(Stored items)
★ ★ ★ ★ ★ ★ ★

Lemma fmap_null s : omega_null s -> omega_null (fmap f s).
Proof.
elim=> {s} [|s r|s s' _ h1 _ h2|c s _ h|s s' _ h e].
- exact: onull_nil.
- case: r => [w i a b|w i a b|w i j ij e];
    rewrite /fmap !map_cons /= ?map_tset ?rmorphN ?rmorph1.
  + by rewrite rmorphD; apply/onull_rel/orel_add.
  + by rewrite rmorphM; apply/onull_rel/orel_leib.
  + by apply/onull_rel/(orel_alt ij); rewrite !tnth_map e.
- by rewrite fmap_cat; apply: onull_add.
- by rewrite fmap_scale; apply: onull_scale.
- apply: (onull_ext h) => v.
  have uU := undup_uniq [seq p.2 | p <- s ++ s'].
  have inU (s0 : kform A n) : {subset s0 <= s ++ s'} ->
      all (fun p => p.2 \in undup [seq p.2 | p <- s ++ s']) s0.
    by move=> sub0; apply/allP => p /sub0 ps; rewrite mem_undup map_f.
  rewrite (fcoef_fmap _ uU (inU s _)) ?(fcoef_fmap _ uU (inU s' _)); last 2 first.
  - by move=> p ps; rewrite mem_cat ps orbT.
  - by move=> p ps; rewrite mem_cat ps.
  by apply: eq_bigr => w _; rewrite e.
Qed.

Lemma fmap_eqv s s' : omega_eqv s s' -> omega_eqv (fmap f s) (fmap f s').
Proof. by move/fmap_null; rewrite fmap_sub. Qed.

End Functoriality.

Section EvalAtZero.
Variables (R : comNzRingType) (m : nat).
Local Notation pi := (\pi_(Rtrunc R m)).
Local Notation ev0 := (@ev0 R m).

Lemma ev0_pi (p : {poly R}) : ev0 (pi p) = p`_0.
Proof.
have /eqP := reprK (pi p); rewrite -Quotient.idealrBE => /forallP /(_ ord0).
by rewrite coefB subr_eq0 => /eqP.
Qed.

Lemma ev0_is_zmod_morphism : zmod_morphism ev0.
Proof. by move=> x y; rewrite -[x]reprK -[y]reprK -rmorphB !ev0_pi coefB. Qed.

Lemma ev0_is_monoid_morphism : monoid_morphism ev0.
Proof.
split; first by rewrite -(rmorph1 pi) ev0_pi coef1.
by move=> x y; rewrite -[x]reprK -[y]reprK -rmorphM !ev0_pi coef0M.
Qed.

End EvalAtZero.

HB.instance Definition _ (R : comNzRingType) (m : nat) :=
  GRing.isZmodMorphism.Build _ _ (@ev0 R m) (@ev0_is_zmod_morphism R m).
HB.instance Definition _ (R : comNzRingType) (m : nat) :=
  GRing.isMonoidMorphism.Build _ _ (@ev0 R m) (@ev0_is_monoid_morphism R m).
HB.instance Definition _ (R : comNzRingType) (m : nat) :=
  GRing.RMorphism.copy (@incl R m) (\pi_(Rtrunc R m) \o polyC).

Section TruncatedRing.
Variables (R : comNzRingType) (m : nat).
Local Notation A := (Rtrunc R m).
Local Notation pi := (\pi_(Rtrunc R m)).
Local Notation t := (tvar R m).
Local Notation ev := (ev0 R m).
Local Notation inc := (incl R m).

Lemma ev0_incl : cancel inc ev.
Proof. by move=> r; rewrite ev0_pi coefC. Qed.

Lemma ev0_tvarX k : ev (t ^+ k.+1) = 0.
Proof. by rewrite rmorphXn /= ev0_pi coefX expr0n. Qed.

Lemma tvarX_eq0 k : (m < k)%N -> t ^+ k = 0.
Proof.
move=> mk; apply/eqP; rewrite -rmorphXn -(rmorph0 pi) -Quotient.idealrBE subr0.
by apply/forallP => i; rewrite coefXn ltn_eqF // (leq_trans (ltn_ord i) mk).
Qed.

★ ★ ★ ★ ★ ★ ★

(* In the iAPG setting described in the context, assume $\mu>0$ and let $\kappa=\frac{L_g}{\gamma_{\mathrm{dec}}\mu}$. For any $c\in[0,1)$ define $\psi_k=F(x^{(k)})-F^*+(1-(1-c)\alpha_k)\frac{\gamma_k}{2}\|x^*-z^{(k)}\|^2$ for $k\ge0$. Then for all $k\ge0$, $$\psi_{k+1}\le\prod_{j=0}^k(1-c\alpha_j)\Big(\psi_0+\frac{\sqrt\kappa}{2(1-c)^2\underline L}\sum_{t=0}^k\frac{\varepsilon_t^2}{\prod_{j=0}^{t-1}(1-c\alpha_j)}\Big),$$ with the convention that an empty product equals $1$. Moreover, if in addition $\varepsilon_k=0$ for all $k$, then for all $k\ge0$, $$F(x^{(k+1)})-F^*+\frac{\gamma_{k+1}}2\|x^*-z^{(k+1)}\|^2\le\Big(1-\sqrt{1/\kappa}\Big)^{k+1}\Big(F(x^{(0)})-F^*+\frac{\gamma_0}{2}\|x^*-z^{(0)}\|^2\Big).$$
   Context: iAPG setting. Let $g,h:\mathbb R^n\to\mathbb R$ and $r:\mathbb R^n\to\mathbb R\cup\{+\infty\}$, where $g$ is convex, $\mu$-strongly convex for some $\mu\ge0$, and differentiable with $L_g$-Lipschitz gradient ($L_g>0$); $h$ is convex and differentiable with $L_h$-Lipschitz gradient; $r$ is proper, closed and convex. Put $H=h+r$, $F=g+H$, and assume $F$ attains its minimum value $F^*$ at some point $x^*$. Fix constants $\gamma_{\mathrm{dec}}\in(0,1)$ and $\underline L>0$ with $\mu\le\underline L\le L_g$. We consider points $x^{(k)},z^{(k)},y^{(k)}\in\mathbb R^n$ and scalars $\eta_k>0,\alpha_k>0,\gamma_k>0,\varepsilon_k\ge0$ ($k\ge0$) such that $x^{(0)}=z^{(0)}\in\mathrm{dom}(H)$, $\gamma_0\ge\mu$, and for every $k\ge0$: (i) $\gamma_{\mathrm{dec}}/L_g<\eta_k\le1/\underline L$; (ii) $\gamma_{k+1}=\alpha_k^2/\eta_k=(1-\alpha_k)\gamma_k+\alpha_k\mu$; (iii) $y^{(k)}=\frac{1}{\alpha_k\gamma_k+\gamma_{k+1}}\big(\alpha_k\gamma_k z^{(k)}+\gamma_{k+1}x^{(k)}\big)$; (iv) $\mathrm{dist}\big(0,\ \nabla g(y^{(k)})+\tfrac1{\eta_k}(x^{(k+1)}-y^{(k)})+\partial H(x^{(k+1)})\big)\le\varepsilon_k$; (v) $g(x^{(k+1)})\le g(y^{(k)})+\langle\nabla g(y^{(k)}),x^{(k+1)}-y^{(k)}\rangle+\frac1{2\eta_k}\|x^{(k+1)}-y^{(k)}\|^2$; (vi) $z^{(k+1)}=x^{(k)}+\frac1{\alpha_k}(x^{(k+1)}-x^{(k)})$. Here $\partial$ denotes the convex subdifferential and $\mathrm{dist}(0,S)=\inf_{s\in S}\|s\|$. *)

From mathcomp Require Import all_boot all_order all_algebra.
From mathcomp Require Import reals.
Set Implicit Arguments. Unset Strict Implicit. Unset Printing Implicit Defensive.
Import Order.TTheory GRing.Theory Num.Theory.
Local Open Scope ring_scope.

★ ★ ★ ★ ★ ★ ★

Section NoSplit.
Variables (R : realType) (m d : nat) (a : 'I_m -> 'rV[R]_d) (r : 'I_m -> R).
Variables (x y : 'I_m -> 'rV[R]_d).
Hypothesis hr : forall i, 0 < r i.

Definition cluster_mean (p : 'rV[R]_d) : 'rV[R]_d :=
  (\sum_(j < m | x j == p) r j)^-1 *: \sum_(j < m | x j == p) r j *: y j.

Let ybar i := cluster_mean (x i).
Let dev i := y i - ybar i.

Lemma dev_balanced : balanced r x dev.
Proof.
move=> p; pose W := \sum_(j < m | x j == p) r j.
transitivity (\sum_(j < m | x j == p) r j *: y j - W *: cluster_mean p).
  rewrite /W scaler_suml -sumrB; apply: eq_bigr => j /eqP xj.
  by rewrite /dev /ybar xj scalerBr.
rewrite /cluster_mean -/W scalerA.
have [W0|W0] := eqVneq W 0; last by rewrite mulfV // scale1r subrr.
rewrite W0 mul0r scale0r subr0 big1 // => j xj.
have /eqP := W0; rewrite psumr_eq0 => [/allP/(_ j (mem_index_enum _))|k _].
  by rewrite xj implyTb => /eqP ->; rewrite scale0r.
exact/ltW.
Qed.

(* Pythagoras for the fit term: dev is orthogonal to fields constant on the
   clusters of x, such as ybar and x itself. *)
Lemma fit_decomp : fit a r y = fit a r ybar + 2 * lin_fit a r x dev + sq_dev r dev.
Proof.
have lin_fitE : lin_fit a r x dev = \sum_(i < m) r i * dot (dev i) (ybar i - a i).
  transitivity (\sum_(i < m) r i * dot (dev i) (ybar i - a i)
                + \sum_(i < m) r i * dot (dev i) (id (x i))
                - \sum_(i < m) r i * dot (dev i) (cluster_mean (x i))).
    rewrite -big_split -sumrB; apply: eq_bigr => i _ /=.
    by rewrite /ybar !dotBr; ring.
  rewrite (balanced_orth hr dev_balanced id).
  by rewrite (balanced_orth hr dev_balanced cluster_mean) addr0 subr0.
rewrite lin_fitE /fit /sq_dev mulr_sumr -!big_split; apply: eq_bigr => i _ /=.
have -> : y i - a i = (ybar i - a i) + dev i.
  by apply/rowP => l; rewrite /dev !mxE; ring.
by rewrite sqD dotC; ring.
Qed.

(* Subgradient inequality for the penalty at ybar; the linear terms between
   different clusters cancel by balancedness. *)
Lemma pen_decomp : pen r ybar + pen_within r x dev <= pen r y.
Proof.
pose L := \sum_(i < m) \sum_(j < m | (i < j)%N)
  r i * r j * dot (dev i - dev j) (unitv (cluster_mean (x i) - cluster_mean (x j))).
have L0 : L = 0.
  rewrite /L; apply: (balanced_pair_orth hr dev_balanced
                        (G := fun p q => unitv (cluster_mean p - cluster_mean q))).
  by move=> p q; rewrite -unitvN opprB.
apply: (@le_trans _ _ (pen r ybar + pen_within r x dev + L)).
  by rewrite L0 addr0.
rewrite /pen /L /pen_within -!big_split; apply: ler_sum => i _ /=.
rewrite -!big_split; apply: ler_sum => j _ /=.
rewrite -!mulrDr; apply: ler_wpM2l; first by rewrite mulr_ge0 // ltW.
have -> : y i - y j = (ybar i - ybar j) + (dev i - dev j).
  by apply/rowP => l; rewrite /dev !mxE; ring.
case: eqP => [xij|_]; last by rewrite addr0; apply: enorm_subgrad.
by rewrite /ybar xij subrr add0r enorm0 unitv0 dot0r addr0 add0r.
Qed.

★ ★ ★ ★ ★ ★ ★

- **WHAT THE EXERCISE ASKS**:
Copy word for word the stretch of entries above from the line that has "Import Order.TTheory GRing.Theory Num.Theory." through the line that has "Local Open Scope ring_scope.", both ends included, and nothing outside it.

- **ANSWER BELOW**:
Import Order.TTheory GRing.Theory Num.Theory.
Local Open Scope ring_scope.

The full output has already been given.